*DATA LISTING:*
(* Let $(\xi,\eta)$ satisfy $\xi>0$, $\eta>0$, $\xi+\eta<1$, and let $(i_n)$, $(j_n)$ be sequences of non-negative integers with $i_n/n\to\xi$ and $j_n/n\to\eta$ as $n\to\infty$. Let $A_{i,j}(1/n)$ denote the coefficient of $u^iv^jw^{n-i-j}$ in $P_{1/n}(u,v,w)$. Then $A_{i_n,j_n}(1/n)>0$ for all sufficiently large $n$, and $$\lim_{n\to\infty}\frac1n\ln A_{i_n,j_n}(1/n)=(1-\eta)\,H\!\Big(\frac{\xi}{1-\eta}\Big)+(\xi+\eta)\,H\!\Big(\frac{\xi}{\xi+\eta}\Big),$$ where $H(p)=-p\ln p-(1-p)\ln(1-p)$.
   Context: Markov polynomials. Let $x,y,z$ be indeterminates. Consider the set consisting of all rationals $\rho\in[0,1]$, each written in lowest terms $\rho=a/b$ with integers $a\ge 0$, $b\ge 1$, together with the formal symbol $1/0$. Define Laurent polynomials $M_\rho(x,y,z)$ recursively by $M_{1/0}=y$, $M_{0/1}=x$, $M_{1/1}=\frac{x^2+y^2}{z}$, and: whenever $a/b$, $c/d$ are in this set with $|ad-bc|=1$ and $(a+2c)/(b+2d)\in[0,1]$, then $M_{\frac{a+2c}{b+2d}}=\big(M_{c/d}^2+M_{\frac{a+c}{b+d}}^2\big)/M_{a/b}$. This determines $M_\rho$ for every rational $\rho\in[0,1]$. Numerator. For coprime $1\le a\le b$, $P_{a/b}(u,v,w)$ denotes the homogeneous polynomial of degree $a+b-1$ such that $M_{a/b}(x,y,z)=P_{a/b}(x^2,y^2,z^2)/(x^{a-1}y^{b-1}z^{a+b-1})$; its existence is known. *)

From mathcomp Require Import all_boot all_algebra fraction.
From mathcomp Require Import mpoly.

Set Implicit Arguments.
Unset Strict Implicit.
Unset Printing Implicit Defensive.
Import GRing.Theory.
Local Open Scope ring_scope.

Definition poly3 : Type := {mpoly int[3]}.

(** The field of rational functions in x,y,z; Laurent polynomials live in it. *)
Definition Frac : Type := {fraction poly3}.

Definition var3 (k : nat) : poly3 := 'X_(@inord 2 k).
Definition xF : Frac := tofrac (var3 0).
Definition yF : Frac := tofrac (var3 1).
Definition zF : Frac := tofrac (var3 2).

(** The defining recursion of the paper, applied
    with a/b = 1/(n-2), c/d = 0/1 (|1*1 - (n-2)*0| = 1, (a+2c)/(b+2d) = 1/n,
    (a+c)/(b+d) = 1/(n-1)), gives
        M_{1/n} = (M_{0/1}^2 + M_{1/(n-1)}^2) / M_{1/(n-2)},   n >= 2,
    with M_{1/0} = y and M_{1/1} = (x^2+y^2)/z.
    [Mpair n] = (M_{1/n}, M_{1/(n+1)}). *)
Fixpoint Mpair (n : nat) : Frac * Frac :=
  match n with
  | 0 => (yF, (xF ^+ 2 + yF ^+ 2) / zF)
  | k.+1 => let: (a, b) := Mpair k in (b, (xF ^+ 2 + b ^+ 2) / a)
  end.

Definition M_one_over (n : nat) : Frac := (Mpair n).1.

(** [P] is the numerator P_{1/n}(u,v,w): homogeneous of degree a+b-1 = n and
    M_{1/n}(x,y,z) = P(x^2,y^2,z^2) / (x^{a-1} y^{b-1} z^{a+b-1})
                   = P(x^2,y^2,z^2) / (y^{n-1} z^n)      (a = 1, b = n). *)
Definition is_P_one_over (n : nat) (P : poly3) : Prop :=
  P \is n.-homog /\
  M_one_over n =
    tofrac (P \mPo [tuple var3 0 ^+ 2; var3 1 ^+ 2; var3 2 ^+ 2])
    / tofrac (var3 1 ^+ n.-1 * var3 2 ^+ n).

(** A_{i,j}(1/n): the coefficient of u^i v^j w^(n-i-j) in P (set to 0 when
    i + j > n, where that monomial does not exist). *)
Definition coefA (P : poly3) (i j n : nat) : int :=
  if (i + j <= n)%N then P@_[multinom [tuple i; j; (n - i - j)%N]] else 0.

(* P_{1/n} is the polynomial Q_n given by Q_0 = 1, Q_1 = u + v and
   Q_{n+2} = (u + v + w) Q_{n+1} - v w Q_n.  This sequence satisfies the exchange
   relation Q_{n+2} Q_n = Q_{n+1}^2 + u v^n w^{n+1}, which after the substitution
   (u, v, w) := (x^2, y^2, z^2) and division by y^{n-1} z^n is exactly the Markov
   recursion M_{1/(n+2)} M_{1/n} = x^2 + M_{1/(n+1)}^2.  Through R_n = Q_{n+1} - v Q_n
   the recurrence splits into two subtraction-free ones, and Pascal's rule then gives
   the coefficient of u^i v^j w^l (i >= 1) as C(i+j, j) C(i-1+l, l).
   Since C(a+b, b) a^a b^b is the largest of the a+b+1 terms of the binomial expansion
   of (a+b)^(a+b), we get ln C(a+b, b) = (a+b) H(a/(a+b)) + O(ln(a+b)), so each of the two
   binomial factors contributes one of the two entropy terms of the limit. *)

From mathcomp Require Import all_boot all_order all_algebra fraction ring zify.
Import Order.TTheory GRing.Theory Num.Theory.
Local Open Scope ring_scope.

Module MarkovNumerator.
Import mpoly.

Definition iu : 'I_3 := Ordinal (isT : (0 < 3)%N).
Definition iv : 'I_3 := Ordinal (isT : (1 < 3)%N).
Definition iw : 'I_3 := Ordinal (isT : (2 < 3)%N).

Lemma var3E (c : 'I_3) : var3 c = 'X_c.
Proof. by rewrite /var3 inord_val. Qed.

Definition mnm3 (i j l : nat) : 'X_{1..3} := [multinom [tuple i; j; l]].

Lemma mnm3_eq i j l i' j' l' :
  (mnm3 i j l == mnm3 i' j' l') = [&& i == i', j == j' & l == l'].
Proof.
apply/eqP/and3P => [/mnmP E|[/eqP-> /eqP-> /eqP->] //].
by split; apply/eqP; [exact: (E iu) | exact: (E iv) | exact: (E iw)].
Qed.

Lemma mnm3_0 : 0%MM = mnm3 0 0 0.
Proof. by apply/mnmP => -[[|[|[|k]]] Hk]; rewrite mnm0E. Qed.

Lemma mnm3_U : U_(iu)%MM = mnm3 1 0 0.
Proof. by apply/mnmP => -[[|[|[|k]]] Hk]; rewrite mnm1E. Qed.

Lemma mcoeffMX_eq0 (p : poly3) (c : 'I_3) (m : 'X_{1..3}) :
  m c = 0%N -> (p * 'X_c)@_m = 0.
Proof.
move=> mc0; apply: memN_msupp_eq0; rewrite (perm_mem (msuppMX p U_(c))).
by apply/mapP=> -[m' _ Em]; move: mc0; rewrite Em mnmDE mnm1E eqxx.
Qed.

Lemma mcoeffMXu (p : poly3) i j l :
  (p * 'X_iu)@_(mnm3 i j l) = if i is i'.+1 then p@_(mnm3 i' j l) else 0.
Proof.
case: i => [|i]; first exact: mcoeffMX_eq0.
have -> : mnm3 i.+1 j l = (U_(iu) + mnm3 i j l)%MM.
  by apply/mnmP => -[[|[|[|k]]] Hk] //; rewrite mnmDE mnm1E.
exact: mcoeffMX.
Qed.

Lemma mcoeffMXv (p : poly3) i j l :
  (p * 'X_iv)@_(mnm3 i j l) = if j is j'.+1 then p@_(mnm3 i j' l) else 0.
Proof.
case: j => [|j]; first exact: mcoeffMX_eq0.
have -> : mnm3 i j.+1 l = (U_(iv) + mnm3 i j l)%MM.
  by apply/mnmP => -[[|[|[|k]]] Hk] //; rewrite mnmDE mnm1E.
exact: mcoeffMX.
Qed.

Lemma mcoeffMXw (p : poly3) i j l :
  (p * 'X_iw)@_(mnm3 i j l) = if l is l'.+1 then p@_(mnm3 i j l') else 0.
Proof.
case: l => [|l]; first exact: mcoeffMX_eq0.
have -> : mnm3 i j l.+1 = (U_(iw) + mnm3 i j l)%MM.
  by apply/mnmP => -[[|[|[|k]]] Hk] //; rewrite mnmDE mnm1E.
exact: mcoeffMX.
Qed.

Fixpoint markovQR (n : nat) : poly3 * poly3 :=
  if n is k.+1 then
    let: (q, r) := markovQR k in
    let q' := q * 'X_iv + r in (q', q' * 'X_iu + r * 'X_iw)
  else (1, 'X_iu).

Definition markovQ n := (markovQR n).1.
Definition markovR n := (markovQR n).2.

Lemma markovQS n : markovQ n.+1 = markovQ n * 'X_iv + markovR n.
Proof. by rewrite /markovQ /markovR /=; case: (markovQR n). Qed.

Lemma markovRS n : markovR n.+1 = markovQ n.+1 * 'X_iu + markovR n * 'X_iw.
Proof. by rewrite /markovQ /markovR /=; case: (markovQR n). Qed.

Lemma markovQSS n : markovQ n.+2 =
  markovQ n.+1 * ('X_iu + 'X_iv + 'X_iw) - markovQ n * 'X_iv * 'X_iw.
Proof.
have Rn : markovR n = markovQ n.+1 - markovQ n * 'X_iv.
  by rewrite markovQS addrC addKr.
by rewrite (markovQS n.+1) (markovRS n) Rn; ring.
Qed.

Lemma markovQ_exchange n : markovQ n.+2 * markovQ n =
  markovQ n.+1 ^+ 2 + 'X_iu * 'X_iv ^+ n * 'X_iw ^+ n.+1.
Proof.
elim: n => [|n IHn]; first by rewrite markovQSS markovQS /markovQ /markovR /=; ring.
apply/eqP; rewrite -subr_eq0; apply/eqP; transitivity ('X_iv * 'X_iw *
  (markovQ n.+2 * markovQ n - (markovQ n.+1 ^+ 2 + 'X_iu * 'X_iv ^+ n * 'X_iw ^+ n.+1))).
  by rewrite (markovQSS n.+1) (markovQSS n) !exprS; ring.
by rewrite IHn subrr mulr0.
Qed.

Definition coefQ (i j l : nat) : nat :=
  if i is i'.+1 then 'C(i + j, j) * 'C(i' + l, l) else l == 0%N.

Definition coefR (i j l : nat) : nat :=
  if i is i'.+1 then 'C(i' + j, j) * 'C(i' + l, l) else 0.

Lemma coefQ_gt0E i j l :
  (0 < i)%N -> coefQ i j l = ('C(i + j, j) * 'C(i.-1 + l, l))%N.
Proof. by case: i. Qed.

Lemma coefQ_v0 i l : coefQ i 0 l = (coefR i 0 l + (i + l == 0%N))%N.
Proof. by case: i => [|i] /=; rewrite ?addn0 ?bin0 //; case: l. Qed.

Lemma coefQ_vS i j l : coefQ i j.+1 l = (coefQ i j l + coefR i j.+1 l)%N.
Proof.
case: i => [|i] /=; first by rewrite addn0.
by rewrite [(i.+1 + j)%N]addSnnS addSn binS mulnDl addnC.
Qed.

Lemma coefR_w0 i j : coefR i.+1 j 0 = coefQ i j 0.
Proof. by case: i => [|i] /=; rewrite !bin0 // add0n binn. Qed.

Lemma coefR_wS i j l : coefR i.+1 j l.+1 = (coefQ i j l.+1 + coefR i.+1 j l)%N.
Proof.
case: i => [|i] /=; first by rewrite !add0n !binn.
by rewrite [(i.+1 + l)%N]addSnnS addSn binS mulnDr addnC.
Qed.

Lemma mcoeff_markovQR n i j l :
  (markovQ n)@_(mnm3 i j l) = ((i + j + l == n) * coefQ i j l)%N%:R /\
  (markovR n)@_(mnm3 i j l) = ((i + j + l == n.+1) * coefR i j l)%N%:R.
Proof.
elim: n i j l => [|n IHn].
  move=> i j l; rewrite /markovQ /markovR /= mcoeff1 mcoeffX mnm3_0 mnm3_U !mnm3_eq.
  by split; case: i => [|[|i]]; case: j => [|j]; case: l => [|l]; rewrite /= ?muln0.
have coefQS i j l :
    (markovQ n.+1)@_(mnm3 i j l) = ((i + j + l == n.+1) * coefQ i j l)%N%:R.
  rewrite markovQS mcoeffD mcoeffMXv (IHn i j l).2.
  case: j => [|j]; last by rewrite (IHn i j l).1 coefQ_vS -natrD !addnS !addSn eqSS mulnDr.
  rewrite add0r coefQ_v0 !addn0; case: eqP => [-> | _]; last by rewrite !mul0n.
  by rewrite addn0.
move=> i j l; split=> //; rewrite markovRS mcoeffD mcoeffMXu mcoeffMXw.
case: i => [|i]; first by case: l => [|l]; rewrite ?(IHn 0%N j l).2 /= !muln0 ?addr0.
case: l => [|l]; first by rewrite addr0 coefQS coefR_w0 addSn eqSS.
by rewrite coefQS (IHn i.+1 j l).2 coefR_wS -natrD !addnS !addSn !eqSS mulnDr.
Qed.

Lemma mcoeff_markovQ n i j l :
  (markovQ n)@_(mnm3 i j l) = ((i + j + l == n) * coefQ i j l)%N%:R.
Proof. exact: (mcoeff_markovQR n i j l).1. Qed.

Definition sq3 : 3.-tuple poly3 := [tuple var3 0 ^+ 2; var3 1 ^+ 2; var3 2 ^+ 2].

Lemma mcoeff_comp_sq3 (p : poly3) m : (p \mPo sq3)@_(m *+ 2) = p@_m.
Proof.
rewrite comp_mpolyE [in RHS](mpolyE p) !raddf_sum /=; apply: eq_bigr => m' _.
rewrite !mcoeffZ; congr (_ * _).
have -> : \prod_(c < 3) tnth sq3 c ^+ m' c = 'X_[m'] ^+ 2.
  rewrite mpolyXE_id -prodrXl; apply: eq_bigr => c _.
  have -> : tnth sq3 c = 'X_c ^+ 2.
    by rewrite -var3E; case: c => -[|[|[|k]]] Hk //; rewrite (tnth_nth 0).
  by rewrite -!exprM mulnC.
rewrite mcoeffXn mcoeffX; congr ((nat_of_bool _)%:R); apply/eqP/eqP => [/mnmP E|-> //].
by apply/mnmP => c; have /eqP := E c; rewrite !mulmnE eqn_mul2r => /eqP.
Qed.

Lemma comp_sq3_inj : injective (comp_mpoly sq3).
Proof.
by move=> p q E; apply/mpolyP => m; rewrite -!(mcoeff_comp_sq3 _ m) E.
Qed.

Definition markovN n : Frac := tofrac (markovQ n \mPo sq3).

Lemma markovN_neq0 n : markovN n != 0.
Proof.
rewrite tofrac_eq0; apply/eqP => /(congr1 (mcoeff (mnm3 n 0 0 *+ 2))).
rewrite mcoeff_comp_sq3 mcoeff_markovQ mcoeff0 !addn0 eqxx mul1n.
by case: n => [|n] //=; rewrite !bin0.
Qed.

Lemma comp_sq3X (c : 'I_3) : 'X_c \mPo sq3 = var3 c ^+ 2.
Proof. by rewrite comp_mpolyXU; case: c => -[|[|[|k]]]. Qed.

Lemma markovN_exchange n : markovN n.+2 * markovN n =
  markovN n.+1 ^+ 2 + xF ^+ 2 * (yF ^+ 2) ^+ n * (zF ^+ 2) ^+ n.+1.
Proof.
rewrite /markovN /xF /yF /zF -!tofracXn -!tofracM -tofracD; congr tofrac.
rewrite -(comp_sq3X iu) -(comp_sq3X iv) -(comp_sq3X iw).
rewrite -!(rmorphXn (comp_mpoly sq3)) -!(rmorphM (comp_mpoly sq3)) -rmorphD.
by rewrite markovQ_exchange.
Qed.

Lemma markovN0 : markovN 0 = 1.
Proof. by rewrite /markovN /markovQ /= comp_mpoly1 tofrac1. Qed.

Lemma markovN1 : markovN 1 = xF ^+ 2 + yF ^+ 2.
Proof.
rewrite /markovN markovQS /markovQ /markovR /= mul1r addrC comp_mpolyD !comp_sq3X.
by rewrite tofracD !tofracXn.
Qed.

Lemma markov_exchange_step (F : fieldType) (x y z a b c : F) n :
  y != 0 -> z != 0 -> a != 0 ->
  c * a = b ^+ 2 + x ^+ 2 * (y ^+ 2) ^+ n * (z ^+ 2) ^+ n.+1 ->
  (x ^+ 2 + (b * y / (y * z) ^+ n.+1) ^+ 2) / (a * y / (y * z) ^+ n) =
  c * y / (y * z) ^+ n.+2.
Proof.
move=> y0 z0 a0 E.
have -> : c = (b ^+ 2 + x ^+ 2 * (y ^+ 2) ^+ n * (z ^+ 2) ^+ n.+1) / a by rewrite -E mulfK.
have yn0 : y ^+ n != 0 by rewrite expf_neq0.
have zn0 : z ^+ n != 0 by rewrite expf_neq0.
rewrite (exprAC y 2) (exprAC z 2) !exprS exprMn.
by field; rewrite a0 y0 z0 yn0 zn0.
Qed.

Lemma var3_frac_neq0 (c : 'I_3) : tofrac (var3 c) != 0.
Proof.
rewrite tofrac_eq0 var3E; apply/eqP => /(congr1 (mcoeff U_(c))).
by rewrite mcoeffX eqxx mcoeff0.
Qed.

(* M_{1/n} = markovN n / (y^{n-1} z^n), in a form that avoids n - 1 at n = 0. *)
Lemma Mpair_markovN n : Mpair n =
  (markovN n * yF / (yF * zF) ^+ n, markovN n.+1 * yF / (yF * zF) ^+ n.+1).
Proof.
have y0 : yF != 0 := var3_frac_neq0 iv.
have z0 : zF != 0 := var3_frac_neq0 iw.
elim: n => [|n IHn].
  rewrite markovN0 markovN1 [Mpair 0]/Mpair; congr pair.
    by rewrite expr0 invr1 mulr1 mul1r.
  by rewrite expr1 invfM mulrA (mulfK y0).
rewrite /= IHn; congr pair.
exact: markov_exchange_step y0 z0 (markovN_neq0 n) (markovN_exchange n).
Qed.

*EXERCISE:*
Output should match, line for line, the stretch of the material above from the line holding "(markovQ n.+1)@_(mnm3 i" through the line holding "Lemma comp_sq3X (c".

*EXPECTED OUTPUT:*
    (markovQ n.+1)@_(mnm3 i j l) = ((i + j + l == n.+1) * coefQ i j l)%N%:R.
  rewrite markovQS mcoeffD mcoeffMXv (IHn i j l).2.
  case: j => [|j]; last by rewrite (IHn i j l).1 coefQ_vS -natrD !addnS !addSn eqSS mulnDr.
  rewrite add0r coefQ_v0 !addn0; case: eqP => [-> | _]; last by rewrite !mul0n.
  by rewrite addn0.
move=> i j l; split=> //; rewrite markovRS mcoeffD mcoeffMXu mcoeffMXw.
case: i => [|i]; first by case: l => [|l]; rewrite ?(IHn 0%N j l).2 /= !muln0 ?addr0.
case: l => [|l]; first by rewrite addr0 coefQS coefR_w0 addSn eqSS.
by rewrite coefQS (IHn i.+1 j l).2 coefR_wS -natrD !addnS !addSn !eqSS mulnDr.
Qed.

Lemma mcoeff_markovQ n i j l :
  (markovQ n)@_(mnm3 i j l) = ((i + j + l == n) * coefQ i j l)%N%:R.
Proof. exact: (mcoeff_markovQR n i j l).1. Qed.

Definition sq3 : 3.-tuple poly3 := [tuple var3 0 ^+ 2; var3 1 ^+ 2; var3 2 ^+ 2].

Lemma mcoeff_comp_sq3 (p : poly3) m : (p \mPo sq3)@_(m *+ 2) = p@_m.
Proof.
rewrite comp_mpolyE [in RHS](mpolyE p) !raddf_sum /=; apply: eq_bigr => m' _.
rewrite !mcoeffZ; congr (_ * _).
have -> : \prod_(c < 3) tnth sq3 c ^+ m' c = 'X_[m'] ^+ 2.
  rewrite mpolyXE_id -prodrXl; apply: eq_bigr => c _.
  have -> : tnth sq3 c = 'X_c ^+ 2.
    by rewrite -var3E; case: c => -[|[|[|k]]] Hk //; rewrite (tnth_nth 0).
  by rewrite -!exprM mulnC.
rewrite mcoeffXn mcoeffX; congr ((nat_of_bool _)%:R); apply/eqP/eqP => [/mnmP E|-> //].
by apply/mnmP => c; have /eqP := E c; rewrite !mulmnE eqn_mul2r => /eqP.
Qed.

Lemma comp_sq3_inj : injective (comp_mpoly sq3).
Proof.
by move=> p q E; apply/mpolyP => m; rewrite -!(mcoeff_comp_sq3 _ m) E.
Qed.

Definition markovN n : Frac := tofrac (markovQ n \mPo sq3).

Lemma markovN_neq0 n : markovN n != 0.
Proof.
rewrite tofrac_eq0; apply/eqP => /(congr1 (mcoeff (mnm3 n 0 0 *+ 2))).
rewrite mcoeff_comp_sq3 mcoeff_markovQ mcoeff0 !addn0 eqxx mul1n.
by case: n => [|n] //=; rewrite !bin0.
Qed.

Lemma comp_sq3X (c : 'I_3) : 'X_c \mPo sq3 = var3 c ^+ 2.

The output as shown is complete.